I am close to finishing my summer writing courses. So, so close, and yet… so far. One long piece of creative non-fiction, one 1500-word research essay (with a proposal – how is that long enough for any real research? Whatever. I’ll take it.) and one 500-word close reading. I can get this done. 

In the meantime, I am amusing myself and, hopefully, the poor “tutors” who have to read these assignments day in and day out. It was with them in mind that I wrote the following slice of life. The assignment calls for a one-paragraph summary of both sides of “a specific, local debate” in under 250 words. I had to present the two sides in an objective, neutral manner. I decided to go extremely specific and local…

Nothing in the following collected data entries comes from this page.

(* Let $\mathbf{A}',\mathbf{A}'',\mathbf{B}',\mathbf{B}''$ be $n\times n$ Hermitian non-negative definite matrices such that either $\mathbf{A}'\neq\mathbf{A}''$ or $\mathbf{B}'\neq\mathbf{B}''$. Assume that the Loewner order is total on each of the pairs $(\mathbf{A}',\mathbf{A}'')$ and $(\mathbf{B}',\mathbf{B}'')$, i.e., either $\mathbf{A}'\succeq\mathbf{A}''$ or $\mathbf{A}''\succ\mathbf{A}'$, and either $\mathbf{B}'\succeq\mathbf{B}''$ or $\mathbf{B}''\succ\mathbf{B}'$. Define $\mathbf{M}=(\mathbf{A}''-\mathbf{A}')\left[(\mathbf{I}+\mathbf{A}')^{-1}-(\mathbf{I}+\mathbf{A}'')^{-1}\right]$ and $\mathbf{N}=(\mathbf{B}''-\mathbf{B}')\left[(\mathbf{I}+\mathbf{B}'+\mathbf{A}')^{-1}-(\mathbf{I}+\mathbf{B}''+\mathbf{A}'')^{-1}\right]$. Then $\mathrm{Tr}(\mathbf{M}+\mathbf{N})\ge 0$.
   Context: $\succeq$ denotes the Loewner order on Hermitian matrices: $\mathbf{X}\succeq\mathbf{Y}$ iff $\mathbf{X}-\mathbf{Y}$ is positive semidefinite; $\mathbf{X}\succ\mathbf{Y}$ iff $\mathbf{X}-\mathbf{Y}$ is positive definite. *)

From mathcomp Require Import all_boot all_order all_algebra.
Set Implicit Arguments. Unset Strict Implicit. Unset Printing Implicit Defensive.
Import Order.TTheory GRing.Theory Num.Theory.
Local Open Scope ring_scope.

(* Scalars: an arbitrary numeric algebraically closed field C (e.g. algC or
   R[i]); on C, [0 <= x] means x is real and non-negative. *)

Definition ctrmx (C : numClosedFieldType) (m n : nat) (A : 'M[C]_(m, n)) : 'M[C]_(n, m) :=
  map_mx Num.conj (A^T).

Definition hermitian (C : numClosedFieldType) (n : nat) (A : 'M[C]_n) : Prop :=
  ctrmx A = A.

Definition psd (C : numClosedFieldType) (n : nat) (A : 'M[C]_n) : Prop :=
  hermitian A /\ forall v : 'cV[C]_n, 0 <= (ctrmx v *m A *m v) 0 0.

Definition pd (C : numClosedFieldType) (n : nat) (A : 'M[C]_n) : Prop :=
  hermitian A /\ forall v : 'cV[C]_n, v != 0 -> 0 < (ctrmx v *m A *m v) 0 0.

Definition loewner_ge (C : numClosedFieldType) (n : nat) (X Y : 'M[C]_n) : Prop :=
  psd (X - Y).
Definition loewner_gt (C : numClosedFieldType) (n : nat) (X Y : 'M[C]_n) : Prop :=
  pd (X - Y).

From Pilot Require Import Defs.
From mathcomp Require Import all_boot all_order all_algebra ring.
Import Order.TTheory GRing.Theory Num.Theory.
Local Open Scope ring_scope.
Set Implicit Arguments. Unset Strict Implicit. Unset Printing Implicit Defensive.

(** Write X = I + A', Y = I + A'', P = X + B', Q = Y + B'', D = Y - X and
    E = B'' - B', so that Tr M = a := Tr(D X^-1 D Y^-1) and, by the resolvent
    identity, Tr N = T := Tr(E P^-1 (D + E) Q^-1) = Tr(E Q^-1 (D + E) P^-1).
    Expanding the trace of (2E + D) P^-1 (2E + D) Q^-1, which is non-negative
    as the trace of a product of two positive semidefinite matrices, gives
    4 T + d with d := Tr(D P^-1 D Q^-1).  Finally
    a - d = Tr((X^-1 - P^-1) D Y^-1 D) + Tr(D P^-1 D (Y^-1 - Q^-1)) >= 0
    because P >= X, Q >= Y and inversion is antitone, whence
    4 (a + T) = 3 a + (a - d) + (4 T + d) >= 0. *)

Section ConjugateTranspose.
Variable C : numClosedFieldType.

Lemma ctrmx_mul m n p (A : 'M[C]_(m, n)) (B : 'M[C]_(n, p)) :
  ctrmx (A *m B) = ctrmx B *m ctrmx A.
Proof. by rewrite /ctrmx trmx_mul map_mxM. Qed.

Lemma ctrmxK m n (A : 'M[C]_(m, n)) : ctrmx (ctrmx A) = A.
Proof. exact: trmxCK. Qed.

Lemma ctrmxD m n (A B : 'M[C]_(m, n)) : ctrmx (A + B) = ctrmx A + ctrmx B.
Proof. by rewrite /ctrmx linearD map_mxD. Qed.

Lemma ctrmxN m n (A : 'M[C]_(m, n)) : ctrmx (- A) = - ctrmx A.
Proof. by rewrite /ctrmx linearN map_mxN. Qed.

Lemma ctrmx1 n : ctrmx (1%:M : 'M[C]_n) = 1%:M.
Proof. by rewrite /ctrmx trmx1 map_mx1. Qed.

Lemma ctrmx_inv n (A : 'M[C]_n) : ctrmx (invmx A) = invmx (ctrmx A).
Proof. by rewrite /ctrmx trmx_inv map_invmx. Qed.

Lemma ctrmx_eq0 m n (A : 'M[C]_(m, n)) : (ctrmx A == 0) = (A == 0).
Proof. by rewrite /ctrmx map_mx_eq0 trmx_eq0. Qed.

Lemma ctrmx_mul_self n (v : 'cV[C]_n) : (ctrmx v *m v) 0 0 = \sum_i `|v i 0| ^+ 2.
Proof. by rewrite mxE; apply: eq_bigr => i _; rewrite !mxE normCK mulrC. Qed.

End ConjugateTranspose.

Section ResolventIdentity.
Variables (R : comUnitRingType) (n : nat).
Implicit Types U V : 'M[R]_n.

Lemma invmx_sub U V : U \in unitmx -> V \in unitmx ->
  invmx U - invmx V = invmx U *m (V - U) *m invmx V.
Proof. by move=> uU uV; rewrite mulmxBr mulmxBl mulVmx // mulmxK // mul1mx. Qed.

Lemma invmx_sub_sym U V : U \in unitmx -> V \in unitmx ->
  invmx U - invmx V = invmx V *m (V - U) *m invmx U.
Proof. by move=> uU uV; rewrite mulmxBr mulmxBl mulmxK // mulVmx // mul1mx. Qed.

End ResolventIdentity.

Section PositiveDefinite.
Variables (C : numClosedFieldType) (n : nat).
Implicit Types (A B G K S T X : 'M[C]_n).

Lemma hermitianD A B : Defs.hermitian A -> Defs.hermitian B -> Defs.hermitian (A + B).
Proof. by rewrite /Defs.hermitian ctrmxD => -> ->. Qed.

Lemma hermitianB A B : Defs.hermitian A -> Defs.hermitian B -> Defs.hermitian (A - B).
Proof. by rewrite /Defs.hermitian ctrmxD ctrmxN => -> ->. Qed.

Lemma psd_hermitian A : psd A -> Defs.hermitian A.
Proof. by case. Qed.

Lemma psdD A B : psd A -> psd B -> psd (A + B).
Proof.
move=> [hA pA] [hB pB]; split; first exact: hermitianD.
by move=> v; rewrite mulmxDr mulmxDl mxE addr_ge0.
Qed.

Lemma psd_congr m (S : 'M[C]_m) (Z : 'M[C]_(m, n)) : psd S -> psd (ctrmx Z *m S *m Z).
Proof.
move=> [hS pS]; split; first by rewrite /Defs.hermitian !ctrmx_mul ctrmxK hS mulmxA.
by move=> v; have := pS (Z *m v); rewrite ctrmx_mul !mulmxA.
Qed.

Lemma psd_diag_ge0 A i : psd A -> 0 <= A i i.
Proof.
move=> [_ pA]; have := pA (delta_mx i 0).
by rewrite /ctrmx trmx_delta map_delta_mx -rowE -colE !mxE.
Qed.

Lemma pd1 : pd (1%:M : 'M[C]_n).
Proof.
split=> [|v v_neq0]; first exact: ctrmx1.
rewrite mulmx1 ctrmx_mul_self lt_def sumr_ge0 ?andbT => [|i _]; last first.
  exact: exprn_ge0.
apply: contra v_neq0; rewrite psumr_eq0 => [/allP v0|i _]; last exact: exprn_ge0.
apply/eqP/matrixP => i j; rewrite ord1 mxE.
have := v0 i (mem_index_enum _); rewrite /= sqrf_eq0 normr_eq0.
by move/eqP.
Qed.

Lemma pd_psd A : pd A -> psd A.
Proof.
move=> [hA pA]; split=> // v; have [->|v_neq0] := eqVneq v 0; last exact/ltW/pA.
by rewrite mulmx0 mxE.
Qed.

Lemma pdD A B : pd A -> psd B -> pd (A + B).
Proof.
move=> [hA pA] [hB pB]; split; first exact: hermitianD.
by move=> v v_neq0; rewrite mulmxDr mulmxDl mxE ltr_wpDr ?pA.
Qed.

Lemma pd_unit A : pd A -> A \in unitmx.
Proof.
move=> [_ pA]; rewrite unitmxE unitfE; apply/negP => /det0P[v v_neq0 vA].
have := pA (ctrmx v); rewrite ctrmx_eq0 ctrmxK vA mul0mx mxE ltxx.
by move/(_ v_neq0).
Qed.

Lemma psd_invmx X : pd X -> psd (invmx X).
Proof.
move=> pX; have uX := pd_unit pX; have [hX _] := pX.
have -> : invmx X = ctrmx (invmx X) *m X *m invmx X.
  by rewrite ctrmx_inv hX mulVmx ?mul1mx.
exact/psd_congr/pd_psd.
Qed.

Lemma psd_sandwich_invmx G X : Defs.hermitian G -> pd X -> psd (G *m invmx X *m G).
Proof. by move=> hG pX; rewrite -{1}hG; apply/psd_congr/psd_invmx. Qed.

(** [X^-1 - (X + K)^-1 = P^-1 K P^-1 + (P^-1 K) X^-1 (K P^-1)] with [P = X + K]. *)
Lemma psd_sub_invmx X K : pd X -> psd K -> psd (invmx X - invmx (X + K)).
Proof.
move=> pX pK; have pP := pdD pX pK.
have uX := pd_unit pX; have uP := pd_unit pP.
have [[hP _] [hK _]] := (pP, pK).
set P := X + K in pP uP hP *.
have hPi : Defs.hermitian (invmx P) by rewrite /Defs.hermitian ctrmx_inv hP.
have -> : invmx X - invmx P =
    invmx P *m K *m invmx P + (invmx P *m K) *m invmx X *m (K *m invmx P).
  rewrite invmx_sub_sym // addrC addKr -[LHS]mulmx1 -(mulmxV uP) {2}/P.
  by rewrite mulmxDl mulmxDr !mulmxA mulmxKV.
apply: psdD; first by rewrite -{1}hPi; apply: psd_congr.
have -> : invmx P *m K = ctrmx (K *m invmx P) by rewrite ctrmx_mul hPi hK.
exact/psd_congr/psd_invmx.
Qed.

Lemma mxtrace_mul_psd_ge0 S T : psd S -> psd T -> 0 <= \tr (S *m T).
Proof.
move=> pS pT; have /orthomx_spectralP : S \is normalmx.
  by apply/normalmxP; rewrite [(S ^t* )%sesqui]psd_hermitian.
set U := spectralmx S; set l := spectral_diag S => defS.
have uU := spectral_unitarymx S; have uU' := unitarymx_unit uU.
have -> : \tr (S *m T) = \tr (diag_mx l *m (U *m T *m invmx U)).
  by rewrite defS -!mulmxA mxtrace_mulC !mulmxA.
rewrite mul_diag_mx /mxtrace; apply: sumr_ge0 => i _; rewrite mxE invmx_unitary //.
have -> : l 0 i = (U *m S *m (U ^t* )%sesqui) i i.
  by rewrite -invmx_unitary // defS !mulmxA mulmxV ?mulmxK ?mul1mx // mxE eqxx mulr1n.
have psd_conjU A : psd A -> psd (U *m A *m (U ^t* )%sesqui).
  by move=> pA; have := psd_congr (ctrmx U) pA; rewrite ctrmxK.
by rewrite mulr_ge0 // psd_diag_ge0 //; apply: psd_conjU.
Qed.

End PositiveDefinite.

Section TraceIdentities.
Variables (R : comNzRingType) (n : nat).
Implicit Types D E P Q X Y : 'M[R]_n.

Lemma mxtrace_mul4_rot2 D E P Q : \tr (D *m E *m P *m Q) = \tr (P *m Q *m D *m E).
Proof. by rewrite -(mulmxA (D *m E)) mxtrace_mulC !mulmxA. Qed.

Lemma mxtrace_mul4_rot1 D E P Q : \tr (D *m E *m P *m Q) = \tr (E *m P *m Q *m D).
Proof. by rewrite -!mulmxA mxtrace_mulC !mulmxA. Qed.

Lemma mxtrace_sandwich_expand D E P Q :
  \tr ((E *+ 2 + D) *m P *m (E *+ 2 + D) *m Q) =
  \tr (E *m P *m (D + E) *m Q) *+ 2 + \tr (E *m Q *m (D + E) *m P) *+ 2
    + \tr (D *m P *m D *m Q).
Proof.
rewrite mulr2n !(mulmxDl, mulmxDr, mxtraceD).
by rewrite (mxtrace_mul4_rot2 E Q D P) (mxtrace_mul4_rot2 E Q E P); ring.
Qed.

Lemma mxtrace_sandwich_sub D X Y P Q :
  \tr (D *m X *m D *m Y) - \tr (D *m P *m D *m Q) =
  \tr ((X - P) *m (D *m Y *m D)) + \tr ((D *m P *m D) *m (Y - Q)).
Proof.
rewrite !(mulmxBl, mulmxBr, mxtraceD, linearB) /= !mulmxA.
by rewrite (mxtrace_mul4_rot1 D X D Y) (mxtrace_mul4_rot1 D P D Y); ring.
Qed.

End TraceIdentities.

Lemma mxtrace_resolvent_ge0 (C : numClosedFieldType) (n : nat) (X Y B1 B2 : 'M[C]_n) :
  pd X -> pd Y -> psd B1 -> psd B2 ->
  0 <= \tr ((Y - X) *m (invmx X - invmx Y))
       + \tr ((B2 - B1) *m (invmx (X + B1) - invmx (Y + B2))).
Proof.
move=> pX pY pB1 pB2; have [pP pQ] := (pdD pX pB1, pdD pY pB2).
set P := X + B1 in pP *; set Q := Y + B2 in pQ *.
set D := Y - X; set E := B2 - B1.
have uX := pd_unit pX; have uY := pd_unit pY.
have uP := pd_unit pP; have uQ := pd_unit pQ.
have hD : Defs.hermitian D by apply: hermitianB; [case: pY | case: pX].
have hE : Defs.hermitian E by apply: hermitianB; [case: pB2 | case: pB1].
have QP : Q - P = D + E by rewrite opprD addrACA.
have -> : \tr (D *m (invmx X - invmx Y)) = \tr (D *m invmx X *m D *m invmx Y).
  by rewrite invmx_sub // !mulmxA.
set a := \tr (D *m _ *m _ *m _); set T := \tr (E *m _).
have a_ge0 : 0 <= a := mxtrace_mul_psd_ge0 (psd_sandwich_invmx hD pX) (psd_invmx pY).
have hG : Defs.hermitian (E *+ 2 + D).
  by rewrite mulr2n; apply: hermitianD => //; apply: hermitianD.
have f_ge0 : 0 <= \tr ((E *+ 2 + D) *m invmx P *m (E *+ 2 + D) *m invmx Q) :=
  mxtrace_mul_psd_ge0 (psd_sandwich_invmx hG pP) (psd_invmx pQ).
have u_ge0 : 0 <= \tr ((invmx X - invmx P) *m (D *m invmx Y *m D)) :=
  mxtrace_mul_psd_ge0 (psd_sub_invmx pX pB1) (psd_sandwich_invmx hD pY).
have w_ge0 : 0 <= \tr ((D *m invmx P *m D) *m (invmx Y - invmx Q)) :=
  mxtrace_mul_psd_ge0 (psd_sandwich_invmx hD pP) (psd_sub_invmx pY pB2).
have expand := mxtrace_sandwich_expand D E (invmx P) (invmx Q).
have sub := mxtrace_sandwich_sub D (invmx X) (invmx Y) (invmx P) (invmx Q).
have TPQ : T = \tr (E *m invmx P *m (D + E) *m invmx Q).
  by rewrite /T invmx_sub // QP !mulmxA.
have TQP : T = \tr (E *m invmx Q *m (D + E) *m invmx P).
  by rewrite /T invmx_sub_sym // QP !mulmxA.
rewrite -TPQ -TQP in expand.
have : (a + T) *+ 4 = a *+ 3 + (a - \tr (D *m invmx P *m D *m invmx Q))
                      + \tr ((E *+ 2 + D) *m invmx P *m (E *+ 2 + D) *m invmx Q).
  by rewrite expand; ring.
by rewrite sub -(pmulrn_lge0 _ (isT : 0 < 4)%N) => ->; rewrite !addr_ge0 ?mulrn_wge0.
Qed.

Unset Implicit Arguments.

Theorem lemma1 (C : numClosedFieldType) (n : nat) (A1 A2 B1 B2 : 'M[C]_n) :
  psd A1 -> psd A2 -> psd B1 -> psd B2 ->
  (A1 <> A2 \/ B1 <> B2) ->
  (loewner_ge A1 A2 \/ loewner_gt A2 A1) ->
  (loewner_ge B1 B2 \/ loewner_gt B2 B1) ->
  let M := (A2 - A1) *m (invmx (1%:M + A1) - invmx (1%:M + A2)) in
  let N := (B2 - B1) *m (invmx (1%:M + B1 + A1) - invmx (1%:M + B2 + A2)) in
  0 <= \tr (M + N).
Proof.
move=> pA1 pA2 pB1 pB2 _ _ _ /=.
rewrite (addrAC 1%:M B1) (addrAC 1%:M B2) mxtraceD.
have -> : A2 - A1 = (1%:M + A2) - (1%:M + A1) by rewrite opprD addrACA subrr add0r.
by apply: mxtrace_resolvent_ge0 => //; apply: pdD => //; apply: pd1.
Qed.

Debate: What Is That in the Sky?

The debate in our car is heated: is the giant glowing white orb that we see in the sky above us the moon or is it something else? The person taking the affirmative position states that it is the moon and develops her argument relying almost exclusively on logos. She begins with a concession, acknowledging that the glowing orb does, in fact, look larger than usual, which is part of what attracted the attention of the passengers in the car. She continues to support the affirmative position by pointing out that, despite its size, the orb is in the place where the moon is usually seen, looks like the moon, and appears to be moving along the moon’s expected trajectory. Finally, the person in the affirmative attempts to use ethos, pointing out that years of experience in observing the moon makes her a credible source for determining if the orb is, in fact, the moon. For these reasons, the affirmative asserts that this is the moon. The person defending the negative position contends that what they are seeing is not the moon. This argument, too, relies largely on logos. For one, he argues, what they see in the sky right now is clearly much larger than the moon. The person assuming the negative position points out that he has never seen a moon this large. He then refers to authority, maintaining that “someone” recently read him a book about planets and that planets are, in fact, very large. He concludes his point by reminding his opponent that he, too, has seen the moon many times, which gives him vast experiential knowledge, if not quite as much as the other side. He closes with a clear statement of position: “I know a lot about moons, and that is not the moon.” In summary, the affirmative position is that the large, white, glowing orb in the sky is the moon; the negative position is that it is not the moon but, more likely, a planet.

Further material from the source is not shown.